» Try it
Transcribe exactly the span of lines that begins the records and ends with the line holding "assert (Hlen : sumR", both boundary lines included.

[Stored data entries]
Lemma box_mult a b a' b' x : box a b x * box a' b' x = box (Rmax a a') (Rmin b b') x.
Proof. unfold box, step, Rmax, Rmin. repeat destruct Rle_dec; lra. Qed.

(* Both sides are [Σ_k F k] and [Σ_k F k ^ 2], with [F k] the integer defined below. *)
Lemma signed_count_le_overlap_count n s a b K : spins n s ->
  sumR n (fun i => s i * lattice_count (a i) (b i) K) <=
  sumR n (fun i => sumR n (fun j =>
    s i * s j * lattice_count (Rmax (a i) (a j)) (Rmin (b i) (b j)) K)).
Proof.
  intros Hs. set (F k := sumR n (fun i => s i * box (a i) (b i) (INR k))).
  transitivity (sumR (S K) F).
  { right. unfold F, lattice_count. rewrite sumR_swap.
    apply sumR_ext; intros i _. symmetry. apply sumR_scal. }
  transitivity (sumR (S K) (fun k => F k * F k)).
  - apply sumR_le; intros k _.
    destruct (sumR_IZR n (fun i => s i * box (a i) (b i) (INR k))) as [z Hz].
    + intros i Hi. unfold box, step.
      destruct (Hs i Hi) as [-> | ->]; repeat destruct Rle_dec;
        first [exists 0%Z; simpl; lra | exists 1%Z; simpl; lra | exists (-1)%Z; simpl; lra].
    + unfold F. rewrite Hz, <- mult_IZR. apply IZR_le. nia.
  - right. unfold F. rewrite (sumR_ext _ _ (fun k => sumR n (fun i => sumR n (fun j =>
      s i * box (a i) (b i) (INR k) * (s j * box (a j) (b j) (INR k))))))
      by (intros; apply sumR_mult_sumR).
    rewrite sumR_swap. apply sumR_ext; intros i _. rewrite sumR_swap.
    apply sumR_ext; intros j _. unfold lattice_count. rewrite <- sumR_scal.
    apply sumR_ext; intros k _. rewrite <- box_mult. ring.
Qed.

Lemma sign_mult_le e u v : (e = 1 \/ e = -1) -> Rabs (u - v) <= 1 -> e * u <= e * v + 1.
Proof. intros [-> | ->] H; apply Rabs_le_inv in H; lra. Qed.

Lemma signed_length_le_overlap_approx n s a b K : spins n s ->
  (forall i, (i < n)%nat -> 0 <= a i /\ b i <= INR K) ->
  sumR n (fun i => s i * len (a i) (b i)) <=
  sumR n (fun i => sumR n (fun j => s i * s j * overlap (a i) (b i) (a j) (b j)))
    + (INR n + INR n * INR n).
Proof.
  intros Hs Hab.
  pose proof (signed_count_le_overlap_count n s a b K Hs) as Hc.
  assert (Hlen : sumR n (fun i => s i * len (a i) (b i)) <=
                 sumR n (fun i => s i * lattice_count (a i) (b i) K) + INR n).
  { rewrite <- (Rmult_1_r (INR n)), <- sumR_const, <- sumR_plus.
    apply sumR_le; intros i Hi.
    apply sign_mult_le; [apply Hs; exact Hi|].
    rewrite Rabs_minus_sym. destruct (Hab i Hi). apply lattice_count_approx; lra. }
  assert (Hov : sumR n (fun i => sumR n (fun j =>
      s i * s j * lattice_count (Rmax (a i) (a j)) (Rmin (b i) (b j)) K)) <=
    sumR n (fun i => sumR n (fun j => s i * s j * overlap (a i) (b i) (a j) (b j)))
      + INR n * INR n).
  { replace (INR n * INR n) with (sumR n (fun _ => sumR n (fun _ => 1)))
      by (rewrite !sumR_const; ring).
    rewrite <- sumR_plus. apply sumR_le; intros i Hi. rewrite <- sumR_plus.
    apply sumR_le; intros j Hj. apply sign_mult_le; [now apply (spins_mult n)|].
    destruct (Hab i Hi), (Hab j Hj). apply lattice_count_approx.
    - unfold Rmax; destruct Rle_dec; lra.
    - unfold Rmin; destruct Rle_dec; lra. }
  lra.
Qed.

Lemma len_affine N c a b : 0 < N -> len (N * (a + c)) (N * (b + c)) = N * len a b.
Proof. intros HN. unfold len, Rmax. repeat destruct Rle_dec; nra. Qed.

Lemma overlap_affine N c a1 b1 a2 b2 : 0 < N ->
  overlap (N * (a1 + c)) (N * (b1 + c)) (N * (a2 + c)) (N * (b2 + c)) =
  N * overlap a1 b1 a2 b2.
Proof.
  intros HN. unfold overlap. rewrite <- (len_affine N c) by exact HN. f_equal.
  - unfold Rmax. repeat destruct Rle_dec; nra.
  - unfold Rmin. repeat destruct Rle_dec; nra.
Qed.

Lemma le_of_scaled_le x y C : (forall N, 0 < N -> N * x <= N * y + C) -> x <= y.
Proof.
  intros H. destruct (Rle_lt_dec x y) as [|Hlt]; [assumption|exfalso].
  set (N := (Rabs C + 1) / (x - y)).
  assert (HN : 0 < N) by (unfold N; pose proof (Rabs_pos C); apply Rdiv_lt_0_compat; lra).
  assert (E : N * (x - y) = Rabs C + 1) by (unfold N; field; lra).
  specialize (H N HN). pose proof (Rle_abs C). nra.
Qed.

(* After rescaling by [N], lattice counts give the lengths up to an error [n + n^2]
   independent of [N]. *)
Lemma signed_length_le_overlap n s a b : spins n s ->
  sumR n (fun i => s i * len (a i) (b i)) <=
  sumR n (fun i => sumR n (fun j => s i * s j * overlap (a i) (b i) (a j) (b j))).
Proof.
  intros Hs. set (B := sumR n (fun i => Rabs (a i) + Rabs (b i))).
  assert (HB : forall i, (i < n)%nat -> Rabs (a i) + Rabs (b i) <= B).
  { intros i Hi. apply (sumR_term_le n (fun i => Rabs (a i) + Rabs (b i))); [|exact Hi].
    intros j _. pose proof (Rabs_pos (a j)). pose proof (Rabs_pos (b j)). lra. }
  apply (le_of_scaled_le _ _ (INR n + INR n * INR n)). intros N HN.
  destruct (INR_unbounded (2 * B * N)) as [K HK].
  pose proof (signed_length_le_overlap_approx n s
    (fun i => N * (a i + B)) (fun i => N * (b i + B)) K Hs) as H.
  rewrite <- !sumR_scal.
  rewrite (sumR_ext _ _ (fun i => s i * len (N * (a i + B)) (N * (b i + B)))).
  - rewrite (sumR_ext _ (fun i => N * _) (fun i => sumR n (fun j =>
      s i * s j * overlap (N * (a i + B)) (N * (b i + B)) (N * (a j + B)) (N * (b j + B))))).
    + apply H. intros i Hi. specialize (HB i Hi).
      pose proof (Rle_abs (a i)). pose proof (Rle_abs (- a i)). rewrite Rabs_Ropp in *.
      pose proof (Rle_abs (b i)). pose proof (Rabs_pos (a i)). pose proof (Rabs_pos (b i)). split.
      * apply Rmult_le_pos; lra.
      * apply Rle_trans with (N * (2 * B)); [apply Rmult_le_compat_l|]; lra.
    + intros i _. rewrite <- sumR_scal. apply sumR_ext; intros j _.
      rewrite overlap_affine by exact HN. ring.
  - intros i _. rewrite len_affine by exact HN. ring.
Qed.

(** * Chords of two disks *)

Definition centered_overlap (r1 r2 q : R) : R :=
  Rmax 0 (r1 + r2 - Rmax (Rabs (r1 - r2)) (Rabs q)).

Lemma overlap_centered c1 r1 c2 r2 : 0 <= r1 -> 0 <= r2 ->
  overlap (c1 - r1) (c1 + r1) (c2 - r2) (c2 + r2) = centered_overlap r1 r2 (c2 - c1).
Proof.
  intros. unfold overlap, len, centered_overlap, Rmin, Rmax, Rabs.
  repeat (destruct Rle_dec || destruct Rcase_abs); lra.
Qed.

Lemma centered_overlap_abs r1 r2 q : centered_overlap r1 r2 (Rabs q) = centered_overlap r1 r2 q.
Proof. unfold centered_overlap. now rewrite Rabs_Rabsolu. Qed.

Lemma centered_overlap_lipschitz r1 r2 q1 q2 :
  Rabs (centered_overlap r1 r2 q1 - centered_overlap r1 r2 q2) <= Rabs (q1 - q2).
Proof.
  unfold centered_overlap, Rmax, Rabs. repeat (destruct Rle_dec || destruct Rcase_abs); lra.
Qed.

Lemma centered_overlap_0_l r2 q : 0 <= r2 -> centered_overlap 0 r2 q = 0.
Proof.
  intros. unfold centered_overlap, Rmax, Rabs. repeat (destruct Rle_dec || destruct Rcase_abs); lra.
Qed.

Lemma centered_overlap_pos r1 r2 q : 0 <= r1 -> 0 <= r2 -> 0 < centered_overlap r1 r2 q ->
  exists y, - r1 < y < r1 /\ q - r2 < y < q + r2.
Proof.
  intros H1 H2 Hpos. exists ((Rmax (- r1) (q - r2) + Rmin r1 (q + r2)) / 2).
  revert Hpos. unfold centered_overlap, Rmin, Rmax, Rabs.
  repeat (destruct Rle_dec || destruct Rcase_abs); lra.
Qed.

Definition partial_overlap (r1 r2 q : R) : Prop := Rabs (r1 - r2) < q < r1 + r2.

Lemma centered_overlap_decr r1 r2 q1 q2 : 0 <= q1 <= q2 ->
  0 <= centered_overlap r1 r2 q1 - centered_overlap r1 r2 q2 <= q2 - q1.
Proof.
  intros. unfold centered_overlap, Rmax, Rabs. repeat (destruct Rle_dec || destruct Rcase_abs); lra.
Qed.

Lemma centered_overlap_diff_partial r1 r2 q1 q2 : 0 <= q1 <= q2 ->
  partial_overlap r1 r2 q1 -> partial_overlap r1 r2 q2 ->
  centered_overlap r1 r2 q1 - centered_overlap r1 r2 q2 = q2 - q1.
Proof.
  unfold partial_overlap. intros.
  unfold centered_overlap, Rmax, Rabs in *. repeat (destruct Rle_dec || destruct Rcase_abs); lra.
Qed.

Lemma centered_overlap_diff_pos r1 r2 q1 q2 : 0 <= r1 -> 0 <= r2 -> 0 <= q1 <= q2 ->
  0 < centered_overlap r1 r2 q1 - centered_overlap r1 r2 q2 ->
  exists q, q1 < q < q2 /\ partial_overlap r1 r2 q.
Proof.
  intros H1 H2 Hq Hpos. exists ((Rmax (Rabs (r1 - r2)) q1 + Rmin (r1 + r2) q2) / 2).
  unfold partial_overlap. revert Hpos.
  unfold centered_overlap, Rmax, Rmin, Rabs. repeat (destruct Rle_dec || destruct Rcase_abs); lra.
Qed.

» Answer area
Lemma box_mult a b a' b' x : box a b x * box a' b' x = box (Rmax a a') (Rmin b b') x.
Proof. unfold box, step, Rmax, Rmin. repeat destruct Rle_dec; lra. Qed.

(* Both sides are [Σ_k F k] and [Σ_k F k ^ 2], with [F k] the integer defined below. *)
Lemma signed_count_le_overlap_count n s a b K : spins n s ->
  sumR n (fun i => s i * lattice_count (a i) (b i) K) <=
  sumR n (fun i => sumR n (fun j =>
    s i * s j * lattice_count (Rmax (a i) (a j)) (Rmin (b i) (b j)) K)).
Proof.
  intros Hs. set (F k := sumR n (fun i => s i * box (a i) (b i) (INR k))).
  transitivity (sumR (S K) F).
  { right. unfold F, lattice_count. rewrite sumR_swap.
    apply sumR_ext; intros i _. symmetry. apply sumR_scal. }
  transitivity (sumR (S K) (fun k => F k * F k)).
  - apply sumR_le; intros k _.
    destruct (sumR_IZR n (fun i => s i * box (a i) (b i) (INR k))) as [z Hz].
    + intros i Hi. unfold box, step.
      destruct (Hs i Hi) as [-> | ->]; repeat destruct Rle_dec;
        first [exists 0%Z; simpl; lra | exists 1%Z; simpl; lra | exists (-1)%Z; simpl; lra].
    + unfold F. rewrite Hz, <- mult_IZR. apply IZR_le. nia.
  - right. unfold F. rewrite (sumR_ext _ _ (fun k => sumR n (fun i => sumR n (fun j =>
      s i * box (a i) (b i) (INR k) * (s j * box (a j) (b j) (INR k))))))
      by (intros; apply sumR_mult_sumR).
    rewrite sumR_swap. apply sumR_ext; intros i _. rewrite sumR_swap.
    apply sumR_ext; intros j _. unfold lattice_count. rewrite <- sumR_scal.
    apply sumR_ext; intros k _. rewrite <- box_mult. ring.
Qed.

Lemma sign_mult_le e u v : (e = 1 \/ e = -1) -> Rabs (u - v) <= 1 -> e * u <= e * v + 1.
Proof. intros [-> | ->] H; apply Rabs_le_inv in H; lra. Qed.

Lemma signed_length_le_overlap_approx n s a b K : spins n s ->
  (forall i, (i < n)%nat -> 0 <= a i /\ b i <= INR K) ->
  sumR n (fun i => s i * len (a i) (b i)) <=
  sumR n (fun i => sumR n (fun j => s i * s j * overlap (a i) (b i) (a j) (b j)))
    + (INR n + INR n * INR n).
Proof.
  intros Hs Hab.
  pose proof (signed_count_le_overlap_count n s a b K Hs) as Hc.
  assert (Hlen : sumR n (fun i => s i * len (a i) (b i)) <=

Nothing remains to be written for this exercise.